— «Настало лето, — прочел Плэтт еще раз. — Цветы отягощают пчелы». Отягощают ли пчелы летом цветы, Уокер?

— Да, сэр, — сказал Уокер и добавил: — Нет, сэр.

— Они могут льнуть к цветам. Они могут опылять цветы, Уокер. Они могут заползать в цветы, Стивенс. Они могут посещать цветы. Они могут кружить над цветами или опускаться на них. Но я искренне сомневаюсь, что пчелы, эти полезные насекомые с жалами, способны отягощать их. — Он поправил очки, опустил глаза на лист и прочел дальше: — «Хмельной напиток, настоянный на лепестках и ароматах, пьянит все чувства». Ах, бард Колин, бард Колин, да, если об этом прослышит налоговое управление, не миновать тебе беды. Каким образом настаиваешь ты сей хмельной напиток, любезный, а главное, имеешь ли ты на это соответствующее разрешение?

Ребята хохотали, откинувшись на партах.

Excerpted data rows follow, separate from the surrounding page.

(* Let $(a_n)_{n\ge0}$ be nonzero complex numbers with $|a_0|\ge|a_1|\ge\cdots$ and $\sum_n|a_n|^2<\infty$, and let $T$ be the weighted shift $Te_n=a_ne_{n+1}$. Let $S\in\mathcal A_T$ and $k>1$ be such that $\hat S(j)=0$ for $j=1,\dots,k-1$ and $\hat S(k)\ne0$. Then $\langle S\rangle=\langle T^k\rangle$ if and only if the basis vector $e_k$ belongs to the closed linear span of $\{T^mSe_0: m\ge0\}$.
   Context: $H$ is a complex Hilbert space with orthonormal basis $\{e_n\}_{n\ge0}$, $Te_n=a_ne_{n+1}$, and $\mathcal A_T$ is the operator-norm closure of the polynomials $p(T)$ with $p(0)=0$. For $R\in\mathcal A_T$, $\langle R\rangle$ is the smallest closed ideal of $\mathcal A_T$ containing $R$. For $\lambda$ in the unit circle $\mathbb T$ let $W_\lambda e_n=\lambda^ne_n$ and $\gamma_\lambda(S)=W_\lambda SW_\lambda^*$ (a norm-continuous action of $\mathbb T$ on $\mathcal A_T$ by isometric automorphisms with $\gamma_\lambda(T)=\lambda T$). For $S\in\mathcal A_T$, $j\ge1$, $\hat S(j)\in\mathbb C$ is defined by $\int_{\mathbb T}\gamma_\lambda(S)\lambda^{-j}\,dm(\lambda)=\hat S(j)T^j$ ($dm$ normalized Haar measure). *)

From Stdlib Require Import Reals.
From Coquelicot Require Import Coquelicot.
Open Scope R_scope.

(* The Hilbert space H with orthonormal basis (e_n) is modelled as l^2(N;C):
   vectors are complex sequences, e_n is the n-th unit sequence. *)
Definition vec := nat -> C.
Definition op := vec -> vec.

Definition basis (k : nat) : vec := fun n => if Nat.eqb n k then 1%C else 0%C.

Definition l2 (x : vec) : Prop := ex_series (fun n => (Cmod (x n)) ^ 2).
Definition hnorm (x : vec) : R := sqrt (Series (fun n => (Cmod (x n)) ^ 2)).

(* ||v|| <= r  (stated via partial sums, so it also forces v to be in l^2) *)
Definition norm_le (v : vec) (r : R) : Prop :=
  0 <= r /\ forall N, sum_f_R0 (fun n => (Cmod (v n)) ^ 2) N <= r ^ 2.

Definition vsub (x y : vec) : vec := fun n => Cminus (x n) (y n).

Definition op_close (A B : op) (e : R) : Prop :=
  forall x, l2 x -> norm_le (vsub (A x) (B x)) (e * hnorm x).

Definition op_add (A B : op) : op := fun x n => Cplus (A x n) (B x n).
Definition op_scal (c : C) (A : op) : op := fun x n => Cmult c (A x n).
Definition op_comp (A B : op) : op := fun x => A (B x).
Definition op_zero : op := fun _ _ => 0%C.

(* weighted shift T e_n = a_n e_{n+1} *)
Definition wshift (a : nat -> C) : op :=
  fun x n => match n with O => 0%C | S m => Cmult (a m) (x m) end.

Definition op_pow (A : op) (i : nat) : op := fun x => Nat.iter i A x.

(* p(T) with p(0) = 0:  sum_{i=0}^{d} c_i T^{i+1} *)
Definition poly_op (a : nat -> C) (c : nat -> C) (d : nat) : op :=
  fun x n => sum_n (fun i => Cmult (c i) (op_pow (wshift a) (S i) x n)) d.

Definition inAT (a : nat -> C) (S : op) : Prop :=
  forall e, 0 < e -> exists (c : nat -> C) (d : nat), op_close S (poly_op a c d) e.

Definition closed_ideal (a : nat -> C) (I : op -> Prop) : Prop :=
  (forall X, I X -> inAT a X) /\
  I op_zero /\
  (forall X Y, I X -> I Y -> I (op_add X Y)) /\
  (forall c X, I X -> I (op_scal c X)) /\
  (forall A X, inAT a A -> I X -> I (op_comp A X) /\ I (op_comp X A)) /\
  (forall X, (forall e, 0 < e -> exists Y, I Y /\ op_close X Y e) -> I X).

Definition gen_ideal (a : nat -> C) (R0 : op) : op -> Prop :=
  fun X => forall I, closed_ideal a I -> I R0 -> I X.

(* \hat S(j): the defining identity  int gamma_lambda(S) lambda^{-j} dm = \hat S(j) T^j
   read off at the matrix entry <. e_0, e_j>, where
   <int gamma_lambda(S) lambda^{-j} dm e_0, e_j> = <S e_0, e_j>. *)
Definition Shat (a : nat -> C) (S : op) (j : nat) : C :=
  Cdiv (S (basis 0) j) (op_pow (wshift a) j (basis 0) j).

Definition in_closed_span_orbit (a : nat -> C) (S : op) (k : nat) : Prop :=
  forall e, 0 < e -> exists (c : nat -> C) (d : nat),
    norm_le (vsub (basis k)
              (fun n => sum_n (fun m => Cmult (c m) (op_pow (wshift a) m (S (basis 0)) n)) d)) e.

(* If [<S> = <T^k>], then [T^k] lies in the closed ideal of limits of [Z S], [Z] a polynomial in [T];
   evaluating at [e_0] puts [e_k] in the closed span of the [T^m S e_0].
   Conversely, assume [e_k] is in that span. An element [X] of [A_T] whose [X e_0] vanishes at
   [e_1, ..., e_(r-1)] belongs to every closed ideal containing [T^r]: in a polynomial approximation
   of [X] the terms of degree [< r] have small coefficients. With [r = k] this gives [S] in [<T^k>].
   For the other inclusion, [||T X|| <= ||a||_2 ||X e_0||] for [X] in [A_T] because the weights
   decrease. Writing [T^k e_0 = w e_k] and taking [X = T^k - w (sum_m c_m T^m S)] with
   [sum_m c_m T^m S e_0] close to [e_k], this shows [T^(k+1)] in [<S>]. Then [S - Shat(k) T^k]
   vanishes at [e_1, ..., e_k], so it lies in [<S>], and hence so does [T^k]. *)

From Stdlib Require Import Reals Lra Lia FunctionalExtensionality.
From Coquelicot Require Import Coquelicot.
Open Scope R_scope.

Сидевшие впереди оборачивались, соседи смотрели на него через проходы, о выражении лиц тех, кто сидел сзади, он мог легко догадаться.

Окна были открыты. Ноги, мелькавшие за ними, замерли, и с подпорной стенки свесились, с любопытством заглядывая внутрь, маленькие головы.

— «Тоскою зимней сердце не томится: унылый труд, забытые обеты»… Не кроется ли, о бард Колин, тут намек на разбитое сердце? На умудрившее тебя милование с некоей особой противоположного пола? — Он снова оглядел класс, поправил очки, прищурился на лист и добавил: — «Улыбки и летний жар». Вот это — поистине приятное обещание. Обычно скучный, чтобы не сказать угрюмый, лик нашего глубоко чувствующего друга в летние месяцы, если я верно толкую его заверения, посветлеет и даже, как он нам грозит, озарится улыбкой!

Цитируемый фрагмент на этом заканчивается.